[Saved entries]
+ + + + + + +
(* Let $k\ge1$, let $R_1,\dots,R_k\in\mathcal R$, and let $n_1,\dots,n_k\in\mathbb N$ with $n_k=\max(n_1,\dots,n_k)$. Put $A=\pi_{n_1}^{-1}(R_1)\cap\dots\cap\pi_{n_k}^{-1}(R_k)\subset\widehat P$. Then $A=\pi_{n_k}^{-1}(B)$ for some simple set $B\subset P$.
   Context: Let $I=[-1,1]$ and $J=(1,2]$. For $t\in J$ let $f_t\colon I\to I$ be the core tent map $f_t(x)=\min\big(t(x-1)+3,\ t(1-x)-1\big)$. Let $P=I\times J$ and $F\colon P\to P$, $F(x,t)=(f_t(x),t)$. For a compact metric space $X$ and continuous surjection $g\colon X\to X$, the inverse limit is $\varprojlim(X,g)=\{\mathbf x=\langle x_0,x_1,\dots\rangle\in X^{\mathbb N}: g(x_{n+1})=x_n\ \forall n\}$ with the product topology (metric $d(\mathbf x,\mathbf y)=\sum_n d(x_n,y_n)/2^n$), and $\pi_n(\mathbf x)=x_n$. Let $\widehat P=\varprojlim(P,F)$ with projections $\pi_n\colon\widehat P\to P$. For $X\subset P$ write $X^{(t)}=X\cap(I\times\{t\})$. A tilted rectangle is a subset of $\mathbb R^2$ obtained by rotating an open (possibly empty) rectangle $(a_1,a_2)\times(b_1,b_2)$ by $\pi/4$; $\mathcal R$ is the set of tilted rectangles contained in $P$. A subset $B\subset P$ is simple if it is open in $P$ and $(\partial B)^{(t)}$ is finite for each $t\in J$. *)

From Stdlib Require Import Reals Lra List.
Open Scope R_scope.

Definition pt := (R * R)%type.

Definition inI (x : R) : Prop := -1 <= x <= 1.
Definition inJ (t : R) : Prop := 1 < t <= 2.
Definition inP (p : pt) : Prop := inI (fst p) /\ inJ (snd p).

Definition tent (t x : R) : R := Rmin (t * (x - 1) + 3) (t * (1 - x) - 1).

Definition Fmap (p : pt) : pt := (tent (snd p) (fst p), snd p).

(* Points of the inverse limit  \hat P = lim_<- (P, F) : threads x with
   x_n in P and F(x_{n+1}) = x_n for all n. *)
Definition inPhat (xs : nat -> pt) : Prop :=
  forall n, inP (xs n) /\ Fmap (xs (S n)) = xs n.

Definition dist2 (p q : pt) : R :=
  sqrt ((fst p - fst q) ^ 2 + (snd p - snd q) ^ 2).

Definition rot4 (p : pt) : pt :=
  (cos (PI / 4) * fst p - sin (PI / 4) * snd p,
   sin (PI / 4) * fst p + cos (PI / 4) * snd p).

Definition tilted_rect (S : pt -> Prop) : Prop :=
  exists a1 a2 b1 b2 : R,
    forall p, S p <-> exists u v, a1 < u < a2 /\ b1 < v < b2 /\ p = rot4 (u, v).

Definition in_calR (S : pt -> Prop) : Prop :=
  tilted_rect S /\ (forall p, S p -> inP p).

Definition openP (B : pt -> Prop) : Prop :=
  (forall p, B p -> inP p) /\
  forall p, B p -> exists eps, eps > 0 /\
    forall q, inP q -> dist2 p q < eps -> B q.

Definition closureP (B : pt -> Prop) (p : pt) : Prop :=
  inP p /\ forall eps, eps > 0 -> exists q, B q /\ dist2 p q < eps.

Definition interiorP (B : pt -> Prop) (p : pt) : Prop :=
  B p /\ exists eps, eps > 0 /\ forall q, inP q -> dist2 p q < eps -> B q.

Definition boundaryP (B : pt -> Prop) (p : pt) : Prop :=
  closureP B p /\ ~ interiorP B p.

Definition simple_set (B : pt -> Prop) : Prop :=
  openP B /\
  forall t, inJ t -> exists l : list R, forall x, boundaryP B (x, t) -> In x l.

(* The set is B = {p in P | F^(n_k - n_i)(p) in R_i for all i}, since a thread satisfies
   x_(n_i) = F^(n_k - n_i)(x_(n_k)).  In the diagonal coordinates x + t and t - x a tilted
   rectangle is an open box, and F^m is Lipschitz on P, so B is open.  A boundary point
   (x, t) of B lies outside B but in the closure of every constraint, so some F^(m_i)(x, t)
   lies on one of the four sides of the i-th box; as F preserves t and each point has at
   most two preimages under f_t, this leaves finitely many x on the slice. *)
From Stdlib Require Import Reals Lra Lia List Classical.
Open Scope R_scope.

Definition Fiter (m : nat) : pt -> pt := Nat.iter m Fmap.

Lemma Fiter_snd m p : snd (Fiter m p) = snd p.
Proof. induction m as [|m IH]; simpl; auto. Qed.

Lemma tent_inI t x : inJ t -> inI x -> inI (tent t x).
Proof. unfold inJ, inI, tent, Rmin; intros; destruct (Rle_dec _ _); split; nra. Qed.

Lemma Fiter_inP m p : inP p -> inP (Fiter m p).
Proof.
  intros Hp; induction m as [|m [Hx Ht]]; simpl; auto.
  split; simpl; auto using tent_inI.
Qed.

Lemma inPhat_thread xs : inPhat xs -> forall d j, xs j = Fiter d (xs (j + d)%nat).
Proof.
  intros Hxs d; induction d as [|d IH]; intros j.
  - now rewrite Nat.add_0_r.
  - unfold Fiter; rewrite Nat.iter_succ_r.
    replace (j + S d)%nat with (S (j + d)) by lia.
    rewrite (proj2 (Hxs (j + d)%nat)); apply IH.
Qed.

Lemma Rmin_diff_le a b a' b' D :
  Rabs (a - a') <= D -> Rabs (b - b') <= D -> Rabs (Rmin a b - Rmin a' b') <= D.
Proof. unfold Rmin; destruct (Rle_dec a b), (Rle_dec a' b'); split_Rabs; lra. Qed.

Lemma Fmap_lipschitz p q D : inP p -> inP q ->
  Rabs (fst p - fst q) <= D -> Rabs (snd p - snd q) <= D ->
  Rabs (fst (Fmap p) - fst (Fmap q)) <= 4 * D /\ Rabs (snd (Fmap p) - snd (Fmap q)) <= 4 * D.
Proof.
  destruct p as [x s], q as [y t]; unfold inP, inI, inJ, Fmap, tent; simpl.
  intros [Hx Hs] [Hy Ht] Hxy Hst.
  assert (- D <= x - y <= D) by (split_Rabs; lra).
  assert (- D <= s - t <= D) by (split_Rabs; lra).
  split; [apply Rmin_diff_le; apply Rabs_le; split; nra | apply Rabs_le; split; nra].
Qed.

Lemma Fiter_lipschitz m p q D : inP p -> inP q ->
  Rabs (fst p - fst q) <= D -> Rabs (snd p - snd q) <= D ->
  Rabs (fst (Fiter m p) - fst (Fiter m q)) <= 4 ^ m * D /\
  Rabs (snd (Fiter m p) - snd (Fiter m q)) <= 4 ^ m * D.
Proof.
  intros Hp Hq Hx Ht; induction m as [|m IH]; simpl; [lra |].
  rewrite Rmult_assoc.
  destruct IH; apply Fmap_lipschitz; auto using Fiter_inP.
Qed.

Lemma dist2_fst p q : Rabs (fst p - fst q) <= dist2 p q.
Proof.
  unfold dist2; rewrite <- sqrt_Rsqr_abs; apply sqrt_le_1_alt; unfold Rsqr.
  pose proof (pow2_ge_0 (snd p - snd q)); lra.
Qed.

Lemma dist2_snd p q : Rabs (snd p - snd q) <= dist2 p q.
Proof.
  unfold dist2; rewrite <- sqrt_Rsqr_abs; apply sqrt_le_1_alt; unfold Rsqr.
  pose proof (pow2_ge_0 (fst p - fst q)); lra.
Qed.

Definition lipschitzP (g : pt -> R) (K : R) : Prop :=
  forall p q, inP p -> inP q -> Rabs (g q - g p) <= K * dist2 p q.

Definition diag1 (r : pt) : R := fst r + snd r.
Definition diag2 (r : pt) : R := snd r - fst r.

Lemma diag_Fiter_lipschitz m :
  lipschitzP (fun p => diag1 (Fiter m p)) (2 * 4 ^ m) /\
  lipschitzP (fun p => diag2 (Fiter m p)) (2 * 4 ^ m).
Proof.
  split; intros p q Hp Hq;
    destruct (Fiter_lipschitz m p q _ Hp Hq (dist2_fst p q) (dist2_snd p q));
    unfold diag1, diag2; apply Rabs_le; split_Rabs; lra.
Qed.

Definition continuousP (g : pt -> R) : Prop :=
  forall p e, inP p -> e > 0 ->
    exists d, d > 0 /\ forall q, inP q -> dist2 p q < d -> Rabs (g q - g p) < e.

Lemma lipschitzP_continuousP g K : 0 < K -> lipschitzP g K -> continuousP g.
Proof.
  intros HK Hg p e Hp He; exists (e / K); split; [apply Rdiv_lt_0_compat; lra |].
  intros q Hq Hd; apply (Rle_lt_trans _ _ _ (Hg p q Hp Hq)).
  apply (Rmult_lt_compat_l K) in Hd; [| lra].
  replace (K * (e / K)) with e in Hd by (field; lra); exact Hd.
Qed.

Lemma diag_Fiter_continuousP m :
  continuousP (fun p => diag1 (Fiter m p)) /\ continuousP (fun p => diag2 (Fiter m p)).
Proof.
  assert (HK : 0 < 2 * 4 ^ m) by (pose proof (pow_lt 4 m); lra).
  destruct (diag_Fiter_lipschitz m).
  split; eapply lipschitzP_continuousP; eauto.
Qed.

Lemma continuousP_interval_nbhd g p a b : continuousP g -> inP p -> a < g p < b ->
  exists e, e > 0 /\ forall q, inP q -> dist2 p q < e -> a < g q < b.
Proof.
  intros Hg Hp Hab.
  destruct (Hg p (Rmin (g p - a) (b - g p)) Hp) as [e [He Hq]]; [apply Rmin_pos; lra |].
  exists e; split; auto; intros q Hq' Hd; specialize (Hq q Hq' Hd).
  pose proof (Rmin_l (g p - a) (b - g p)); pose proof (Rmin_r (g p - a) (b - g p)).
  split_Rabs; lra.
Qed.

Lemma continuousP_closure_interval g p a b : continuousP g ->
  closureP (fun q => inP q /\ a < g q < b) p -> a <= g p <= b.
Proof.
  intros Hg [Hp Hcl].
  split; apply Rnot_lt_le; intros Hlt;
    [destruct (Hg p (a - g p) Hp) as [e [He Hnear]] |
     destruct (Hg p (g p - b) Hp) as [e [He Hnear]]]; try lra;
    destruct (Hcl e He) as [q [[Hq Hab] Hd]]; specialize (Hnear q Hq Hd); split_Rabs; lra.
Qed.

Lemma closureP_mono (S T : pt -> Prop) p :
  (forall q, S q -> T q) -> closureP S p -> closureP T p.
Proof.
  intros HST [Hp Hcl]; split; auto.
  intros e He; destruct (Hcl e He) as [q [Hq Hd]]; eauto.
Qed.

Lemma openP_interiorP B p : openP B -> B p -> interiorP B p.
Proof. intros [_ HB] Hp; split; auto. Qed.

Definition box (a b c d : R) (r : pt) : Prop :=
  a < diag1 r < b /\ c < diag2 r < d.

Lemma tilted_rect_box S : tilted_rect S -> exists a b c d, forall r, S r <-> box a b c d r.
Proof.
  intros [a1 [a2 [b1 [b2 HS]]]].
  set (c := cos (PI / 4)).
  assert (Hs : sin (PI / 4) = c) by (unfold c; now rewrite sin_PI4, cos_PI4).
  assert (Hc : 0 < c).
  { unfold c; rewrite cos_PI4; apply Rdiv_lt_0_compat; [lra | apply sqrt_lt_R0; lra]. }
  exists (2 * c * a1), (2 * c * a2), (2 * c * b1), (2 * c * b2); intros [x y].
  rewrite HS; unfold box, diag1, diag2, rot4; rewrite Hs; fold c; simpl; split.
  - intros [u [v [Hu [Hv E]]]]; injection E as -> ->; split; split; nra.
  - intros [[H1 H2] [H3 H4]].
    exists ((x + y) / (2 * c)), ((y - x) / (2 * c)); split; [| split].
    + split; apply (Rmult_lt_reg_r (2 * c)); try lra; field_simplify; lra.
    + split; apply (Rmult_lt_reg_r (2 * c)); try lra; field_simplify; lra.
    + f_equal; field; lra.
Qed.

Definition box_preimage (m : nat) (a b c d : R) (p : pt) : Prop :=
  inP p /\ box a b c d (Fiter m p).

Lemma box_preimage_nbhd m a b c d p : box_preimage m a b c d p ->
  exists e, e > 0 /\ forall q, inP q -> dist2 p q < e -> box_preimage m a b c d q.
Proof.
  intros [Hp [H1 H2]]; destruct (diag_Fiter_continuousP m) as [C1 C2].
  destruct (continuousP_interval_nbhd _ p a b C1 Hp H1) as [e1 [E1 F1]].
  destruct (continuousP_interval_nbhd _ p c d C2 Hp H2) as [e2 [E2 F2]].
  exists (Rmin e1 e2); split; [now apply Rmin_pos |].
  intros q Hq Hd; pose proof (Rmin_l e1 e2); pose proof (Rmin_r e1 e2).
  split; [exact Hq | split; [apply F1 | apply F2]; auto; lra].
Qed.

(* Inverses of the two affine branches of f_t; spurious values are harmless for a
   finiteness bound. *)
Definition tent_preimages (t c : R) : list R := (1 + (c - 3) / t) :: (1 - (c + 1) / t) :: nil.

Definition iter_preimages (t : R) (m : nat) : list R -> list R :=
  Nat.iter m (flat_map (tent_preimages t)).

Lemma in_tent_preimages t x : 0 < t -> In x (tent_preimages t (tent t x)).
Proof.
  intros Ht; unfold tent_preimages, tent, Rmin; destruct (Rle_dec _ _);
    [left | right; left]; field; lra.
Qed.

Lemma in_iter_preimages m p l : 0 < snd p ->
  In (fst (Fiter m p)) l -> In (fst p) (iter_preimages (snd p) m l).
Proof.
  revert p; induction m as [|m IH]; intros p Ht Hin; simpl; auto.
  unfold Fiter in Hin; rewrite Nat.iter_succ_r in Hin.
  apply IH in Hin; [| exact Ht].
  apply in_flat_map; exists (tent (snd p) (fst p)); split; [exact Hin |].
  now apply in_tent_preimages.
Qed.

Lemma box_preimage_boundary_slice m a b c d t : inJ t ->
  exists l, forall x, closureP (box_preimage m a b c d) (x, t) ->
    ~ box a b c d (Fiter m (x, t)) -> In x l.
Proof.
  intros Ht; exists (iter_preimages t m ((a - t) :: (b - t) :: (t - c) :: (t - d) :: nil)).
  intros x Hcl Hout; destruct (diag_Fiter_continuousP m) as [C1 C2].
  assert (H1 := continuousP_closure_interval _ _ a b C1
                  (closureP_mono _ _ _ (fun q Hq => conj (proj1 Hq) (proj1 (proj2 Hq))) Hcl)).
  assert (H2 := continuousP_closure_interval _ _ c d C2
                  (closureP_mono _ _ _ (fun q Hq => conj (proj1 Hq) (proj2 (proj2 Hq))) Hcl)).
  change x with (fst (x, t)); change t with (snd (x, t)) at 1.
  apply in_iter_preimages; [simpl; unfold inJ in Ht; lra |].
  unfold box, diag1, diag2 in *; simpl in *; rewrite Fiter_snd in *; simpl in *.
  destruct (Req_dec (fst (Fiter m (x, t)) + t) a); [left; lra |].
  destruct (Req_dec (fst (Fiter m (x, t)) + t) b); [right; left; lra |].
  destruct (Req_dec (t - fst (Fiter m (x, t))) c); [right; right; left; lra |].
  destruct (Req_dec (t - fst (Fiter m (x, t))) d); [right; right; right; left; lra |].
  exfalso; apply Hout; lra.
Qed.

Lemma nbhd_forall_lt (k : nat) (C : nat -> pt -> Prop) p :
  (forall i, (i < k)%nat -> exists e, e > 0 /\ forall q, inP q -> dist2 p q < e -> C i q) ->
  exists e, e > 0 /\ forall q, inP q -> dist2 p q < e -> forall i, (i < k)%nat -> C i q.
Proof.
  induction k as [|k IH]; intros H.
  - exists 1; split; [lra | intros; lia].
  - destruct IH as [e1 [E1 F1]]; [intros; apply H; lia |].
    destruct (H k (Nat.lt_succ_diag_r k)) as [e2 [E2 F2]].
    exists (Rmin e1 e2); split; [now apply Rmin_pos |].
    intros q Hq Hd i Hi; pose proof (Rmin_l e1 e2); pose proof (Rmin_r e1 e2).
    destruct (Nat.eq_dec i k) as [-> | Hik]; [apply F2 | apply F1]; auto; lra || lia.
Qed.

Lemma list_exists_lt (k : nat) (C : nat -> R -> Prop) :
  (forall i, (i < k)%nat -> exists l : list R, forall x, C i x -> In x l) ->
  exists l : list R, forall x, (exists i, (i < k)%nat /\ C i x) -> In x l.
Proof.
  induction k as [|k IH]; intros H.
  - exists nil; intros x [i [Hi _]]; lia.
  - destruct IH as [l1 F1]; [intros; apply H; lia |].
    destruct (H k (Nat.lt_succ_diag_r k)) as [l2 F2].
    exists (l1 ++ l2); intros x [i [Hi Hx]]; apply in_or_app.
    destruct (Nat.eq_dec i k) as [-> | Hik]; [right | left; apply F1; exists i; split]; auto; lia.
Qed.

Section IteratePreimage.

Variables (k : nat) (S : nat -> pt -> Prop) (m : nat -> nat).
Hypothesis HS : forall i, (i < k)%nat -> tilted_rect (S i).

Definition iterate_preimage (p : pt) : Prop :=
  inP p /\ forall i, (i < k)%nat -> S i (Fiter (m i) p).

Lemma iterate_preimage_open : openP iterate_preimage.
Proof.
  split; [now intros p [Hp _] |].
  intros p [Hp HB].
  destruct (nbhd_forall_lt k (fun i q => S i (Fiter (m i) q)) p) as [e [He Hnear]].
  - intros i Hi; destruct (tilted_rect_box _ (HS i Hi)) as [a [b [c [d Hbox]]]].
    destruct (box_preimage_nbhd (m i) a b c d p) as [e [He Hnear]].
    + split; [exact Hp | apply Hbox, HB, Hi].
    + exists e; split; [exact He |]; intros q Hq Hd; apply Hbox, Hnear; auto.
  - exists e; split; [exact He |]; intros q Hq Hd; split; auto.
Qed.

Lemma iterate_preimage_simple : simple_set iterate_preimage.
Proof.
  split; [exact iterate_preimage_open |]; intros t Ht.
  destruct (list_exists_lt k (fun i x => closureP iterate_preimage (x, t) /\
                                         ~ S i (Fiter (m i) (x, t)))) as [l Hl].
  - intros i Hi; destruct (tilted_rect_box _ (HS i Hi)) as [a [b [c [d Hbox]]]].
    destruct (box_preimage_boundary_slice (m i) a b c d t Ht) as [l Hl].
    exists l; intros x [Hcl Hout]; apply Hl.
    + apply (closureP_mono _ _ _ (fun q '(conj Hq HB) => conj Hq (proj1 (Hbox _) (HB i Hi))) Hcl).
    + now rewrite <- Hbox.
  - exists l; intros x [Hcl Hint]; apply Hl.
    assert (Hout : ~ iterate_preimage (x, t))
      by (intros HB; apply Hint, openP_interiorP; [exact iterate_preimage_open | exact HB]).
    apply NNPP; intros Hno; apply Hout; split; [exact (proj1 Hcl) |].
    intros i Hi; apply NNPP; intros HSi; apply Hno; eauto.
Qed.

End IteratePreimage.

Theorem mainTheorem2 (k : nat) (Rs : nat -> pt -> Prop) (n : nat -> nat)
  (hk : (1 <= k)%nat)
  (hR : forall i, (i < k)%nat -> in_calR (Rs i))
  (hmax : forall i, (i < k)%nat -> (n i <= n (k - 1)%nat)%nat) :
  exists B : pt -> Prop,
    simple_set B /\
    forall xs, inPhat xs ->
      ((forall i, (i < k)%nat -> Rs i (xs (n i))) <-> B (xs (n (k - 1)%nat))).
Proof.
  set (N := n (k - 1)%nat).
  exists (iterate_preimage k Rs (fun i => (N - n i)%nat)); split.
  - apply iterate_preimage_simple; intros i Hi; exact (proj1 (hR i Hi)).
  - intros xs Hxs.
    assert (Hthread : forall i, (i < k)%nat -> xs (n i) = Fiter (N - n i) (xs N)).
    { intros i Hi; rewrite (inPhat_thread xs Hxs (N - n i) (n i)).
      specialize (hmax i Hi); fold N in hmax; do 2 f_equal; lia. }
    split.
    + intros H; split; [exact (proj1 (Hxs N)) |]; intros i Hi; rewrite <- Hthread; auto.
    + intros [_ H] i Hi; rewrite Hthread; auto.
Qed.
+ + + + + + +
## EXERCISE DESCRIPTION
Count the lines in the entries above where the string "widehat" shows up, and give that number only.

## ANSWER BOX
2